* [Data records]:

Lemma wt_ssub G X (P : term Sigma) t : wt G X P t ->
  forall s X', (forall x, In x X -> s x = None -> In x X') -> wt G X' (ssub s P) t.
Proof.
  induction 1 as [| | | |G X u v P Hdisj Hfr HP IH|]; intros s X' HX; simpl;
    try (econstructor; eauto; fail).
  set (s' := fun x => if memb x (bd u v) then None else s x).
  assert (Hbd : bd (map (asub s') u) (map (asub s') v) = bd u v).
  { unfold bd. rewrite <- !map_app. apply bd_asub. }
  assert (Hfr' : forall x, In x (fr (map (asub s') u) (map (asub s') v)) ->
            In x (fr u v) /\ s' x = None).
  { intros x Hx. unfold fr in Hx. rewrite <- map_app in Hx. now apply fr_asub. }
  replace (length u, length v)
    with (length (map (asub s') u), length (map (asub s') v)) by now rewrite !length_map.
  apply wt_pre.
  - intros x Hx. rewrite Hbd. apply Hdisj. now apply Hfr'.
  - intros x Hx. apply Hfr' in Hx as [Hx Hs]. apply HX; auto.
    unfold s' in Hs. destruct (memb x (bd u v)) eqn:E; auto.
    apply memb_In in E. exfalso; eapply Hdisj; eauto.
  - rewrite Hbd, !length_map. apply IH.
    intros x Hx Hs. apply in_app_or in Hx as [Hx|Hx]; apply in_or_app; auto.
    unfold s' in Hs. destruct (memb x (bd u v)) eqn:E; auto.
    left; now apply memb_In.
Qed.

Lemma step_sorts (P : term Sigma) a b Q : step P a b Q -> forall k l, closed P (k, l) ->
  closed Q (k, l) /\ length a = k /\ length b = l.
Proof.
  induction 1 as [P k l HP|P R Q i j a b _ _ _ IH1 _ IH2|P R Q i j a b _ _ _ IH1 _ IH2
                 |P Q R S a b c _ IH1 _ IH2|P Q R S a b c d _ IH1 _ IH2|u v P sg
                 |Y tau P a b Q _ IH|P Q R S i j _ _ _ IH1 _ IH2|P Q R a b _ IH _
                 |P Q R a b _ IH _];
    intros k0 l0 HC.
  - pose proof (wt_sort_unique HP HC) as E. injection E as <- <-.
    unfold iotas. now rewrite !repeat_length.
  - apply IH2. now apply (IH1 _ _ HC).
  - destruct (IH1 _ _ HC) as [HR Hab]. split; [now apply (IH2 _ _ HR)|exact Hab].
  - inversion HC as [| ? ? ? ? ? ? ? HP HR| | | |]; subst.
    destruct (IH1 _ _ HP) as [? [? ?]], (IH2 _ _ HR) as [? [? ?]]; subst.
    split; auto. econstructor; eauto.
  - inversion HC as [| |? ? ? ? ? ? ? ? HP HR| | |]; subst.
    destruct (IH1 _ _ HP) as [? [? ?]], (IH2 _ _ HR) as [? [? ?]]; subst.
    rewrite !length_app. split; auto. econstructor; eauto.
  - inversion HC as [| | | |? ? ? ? ? _ _ HP|]; subst.
    unfold inst. rewrite !length_map. split; [|split; reflexivity].
    unfold restr, closed. eapply wt_ssub; [exact HP|].
    intros x Hx Hs. rewrite app_nil_r in Hx. apply memb_In in Hx. now rewrite Hx in Hs.
  - inversion HC as [| | |? ? ? ? ? HP| |]; subst. apply IH.
    eapply wt_psub; [exact HP| |exact HC|].
    + simpl. now rewrite Nat.eqb_refl.
    + intros Z s HZ Hs. simpl in Hs. destruct (Nat.eqb_spec Z Y); [congruence|discriminate].
  - inversion HC as [| | | | |? ? ? ? ? HP HR]; subst.
    destruct (IH1 _ _ HP) as [? [? ?]], (IH2 _ _ HR) as [? [? ?]].
    split; auto. now constructor.
  - inversion HC; subst. eauto.
  - inversion HC; subst. eauto.
Qed.

Lemma all_iota_iotas (w : word Sigma) : all_iota w -> w = iotas Sigma (length w).
Proof.
  induction 1 as [|x w Hx _ IH]; simpl; auto.
  subst. unfold iotas in *. simpl. now f_equal.
Qed.

Lemma idle_step_iotas (P : term Sigma) i j R k l : closed P (k, l) ->
  all_iota i -> all_iota j -> step P i j R -> i = iotas Sigma k /\ j = iotas Sigma l.
Proof.
  intros HP Hi Hj HPR. destruct (step_sorts HPR HP) as [_ [<- <-]].
  split; now apply all_iota_iotas.
Qed.

Section Seq.
Variables k l m : nat.

Definition idle_step (PQ : term Sigma * term Sigma) (d : word Sigma)
    (PQ' : term Sigma * term Sigma) : Prop :=
  length d = l /\ step (fst PQ) (iotas Sigma k) d (fst PQ') /\
  step (snd PQ) d (iotas Sigma m) (snd PQ').

Definition idle_path := labelled_path idle_step.

Definition seq_decomp (P Q : term Sigma) (a b : word Sigma) (P' Q' : term Sigma) : Prop :=
  exists Pn Qn P0 Q0 (c : word Sigma),
    idle_path (P, Q) (Pn, Qn) /\ length c = l /\
    step Pn a c P0 /\ step Qn c b Q0 /\ idle_path (P0, Q0) (P', Q').

Lemma seq_decomp_idle_path P Q P' Q' :
  seq_decomp P Q (iotas Sigma k) (iotas Sigma m) P' Q' -> idle_path (P, Q) (P', Q').
Proof.
  intros [Pn [Qn [P0 [Q0 [c [C1 [Hc [S1 [S2 C2]]]]]]]]].
  eapply lpath_trans; [exact C1|].
  eapply lpath_step with (y := (P0, Q0)); [|exact C2].
  exact (conj Hc (conj S1 S2)).
Qed.

Lemma seq_decomp_idle_l P Q P1 Q1 a b P' Q' :
  seq_decomp P Q (iotas Sigma k) (iotas Sigma m) P1 Q1 ->
  seq_decomp P1 Q1 a b P' Q' -> seq_decomp P Q a b P' Q'.
Proof.
  intros H1 [Pn [Qn [P0 [Q0 [c [C1 rest]]]]]].
  exists Pn, Qn, P0, Q0, c. split; [|exact rest].
  eapply lpath_trans; [|exact C1]. now apply seq_decomp_idle_path.
Qed.

Lemma seq_decomp_idle_r P Q P1 Q1 a b P' Q' :
  seq_decomp P Q a b P1 Q1 ->
  seq_decomp P1 Q1 (iotas Sigma k) (iotas Sigma m) P' Q' -> seq_decomp P Q a b P' Q'.
Proof.
  intros [Pn [Qn [P0 [Q0 [c [C1 [Hc [S1 [S2 C2]]]]]]]]] H2.
  exists Pn, Qn, P0, Q0, c. repeat split; try assumption.
  eapply lpath_trans; [exact C2|]. now apply seq_decomp_idle_path.
Qed.

Lemma step_seq_decomp X a b R : step X a b R ->
  forall P Q, X = TSeq P Q -> closed P (k, l) -> closed Q (l, m) ->
  exists P' Q', R = TSeq P' Q' /\ closed P' (k, l) /\ closed Q' (l, m) /\
    seq_decomp P Q a b P' Q'.
Proof.
  induction 1 as [X k' m' HX|X R0 R i j a b Hi Hj HXR IH1 _ IH2
                 |X R0 R i j a b Hi Hj _ IH1 HR IH2|P0 P' Q0 Q' a b c HP' _ HQ' _| | | | | |];
    try (intros ? ? EX; discriminate EX); intros P Q EX HP HQ.
  - subst. inversion HX as [| ? ? ? ? ? ? ? HP0 HQ0| | | |]; subst.
    pose proof (wt_sort_unique HP HP0) as E1. injection E1 as <- <-.
    pose proof (wt_sort_unique HQ HQ0) as E2. injection E2 as <-.
    exists P, Q. repeat split; auto.
    exists P, Q, P, Q, (iotas Sigma l). repeat split; try constructor; auto.
    unfold iotas; apply repeat_length.
  - subst. assert (HX : closed (TSeq P Q) (k, m)) by (econstructor; eauto).
    destruct (idle_step_iotas HX Hi Hj HXR); subst.
    destruct (IH1 P Q eq_refl HP HQ) as [P1 [Q1 [-> [HP1 [HQ1 D1]]]]].
    destruct (IH2 P1 Q1 eq_refl HP1 HQ1) as [P' [Q' [-> [HP' [HQ' D2]]]]].
    exists P', Q'. repeat split; auto. eapply seq_decomp_idle_l; eauto.
  - subst. destruct (IH1 P Q eq_refl HP HQ) as [P1 [Q1 [-> [HP1 [HQ1 D1]]]]].
    assert (HX1 : closed (TSeq P1 Q1) (k, m)) by (econstructor; eauto).
    destruct (idle_step_iotas HX1 Hi Hj HR); subst.
    destruct (IH2 P1 Q1 eq_refl HP1 HQ1) as [P' [Q' [-> [HP' [HQ' D2]]]]].
    exists P', Q'. repeat split; auto. eapply seq_decomp_idle_r; eauto.
  - injection EX as -> ->.
    destruct (step_sorts HP' HP) as [HP'c [_ Hc]].
    destruct (step_sorts HQ' HQ) as [HQ'c _]; subst.
    exists P', Q'. repeat split; auto.
    exists P, Q, P', Q', c. repeat split; auto; constructor.
Qed.

End Seq.

Lemma step_ten_decomp X a b R : step X a b R -> forall P Q, X = TTen P Q ->
  exists P' Q', R = TTen P' Q' /\
    exists a1 a2 b1 b2 : word Sigma,
      step P a1 b1 P' /\ step Q a2 b2 Q' /\ a = a1 ++ a2 /\ b = b1 ++ b2.
Proof.
  induction 1 as [X k' l' HX|X R0 R i j a b Hi Hj _ IH1 _ IH2
                 |X R0 R i j a b Hi Hj _ IH1 _ IH2| |P0 P' Q0 Q' a b c d HP' _ HQ' _| | | | |];
    try (intros ? ? EX; discriminate EX); intros P Q EX.
  - subst. inversion HX as [| |? ? ? ? k l m n HP HQ| | |]; subst.
    exists P, Q. split; auto.
    exists (iotas Sigma k), (iotas Sigma m), (iotas Sigma l), (iotas Sigma n).
    repeat split; try (constructor; assumption); unfold iotas; now rewrite repeat_app.
  - destruct (IH1 P Q EX) as [P1 [Q1 [-> [a1 [a2 [b1 [b2 [S1 [S2 [-> ->]]]]]]]]]].
    destruct (IH2 P1 Q1 eq_refl) as [P' [Q' [-> [c1 [c2 [d1 [d2 [T1 [T2 [-> ->]]]]]]]]]].
    apply Forall_app in Hi as [Ha1 Ha2]. apply Forall_app in Hj as [Hb1 Hb2].
    exists P', Q'. split; auto. exists c1, c2, d1, d2.
    split; [|split]; auto.
    + exact (st_iotaL Ha1 Hb1 S1 T1).
    + exact (st_iotaL Ha2 Hb2 S2 T2).
  - destruct (IH1 P Q EX) as [P1 [Q1 [-> [a1 [a2 [b1 [b2 [S1 [S2 [-> ->]]]]]]]]]].
    destruct (IH2 P1 Q1 eq_refl) as [P' [Q' [-> [c1 [c2 [d1 [d2 [T1 [T2 [-> ->]]]]]]]]]].
    apply Forall_app in Hi as [Ha1 Ha2]. apply Forall_app in Hj as [Hb1 Hb2].
    exists P', Q'. split; auto. exists a1, a2, b1, b2.
    split; [|split]; auto.
    + exact (st_iotaR Ha1 Hb1 S1 T1).
    + exact (st_iotaR Ha2 Hb2 S2 T2).
  - injection EX as -> ->. exists P', Q'. split; auto. exists a, c, b, d. auto.
Qed.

* [What to work on]:
Could you set down, exactly as written, the lines above between the one holding "forall s X', (forall" and the one holding "set (s' := fun", inclusive, and nothing more?

* [Solution]:
  forall s X', (forall x, In x X -> s x = None -> In x X') -> wt G X' (ssub s P) t.
Proof.
  induction 1 as [| | | |G X u v P Hdisj Hfr HP IH|]; intros s X' HX; simpl;
    try (econstructor; eauto; fail).
  set (s' := fun x => if memb x (bd u v) then None else s x).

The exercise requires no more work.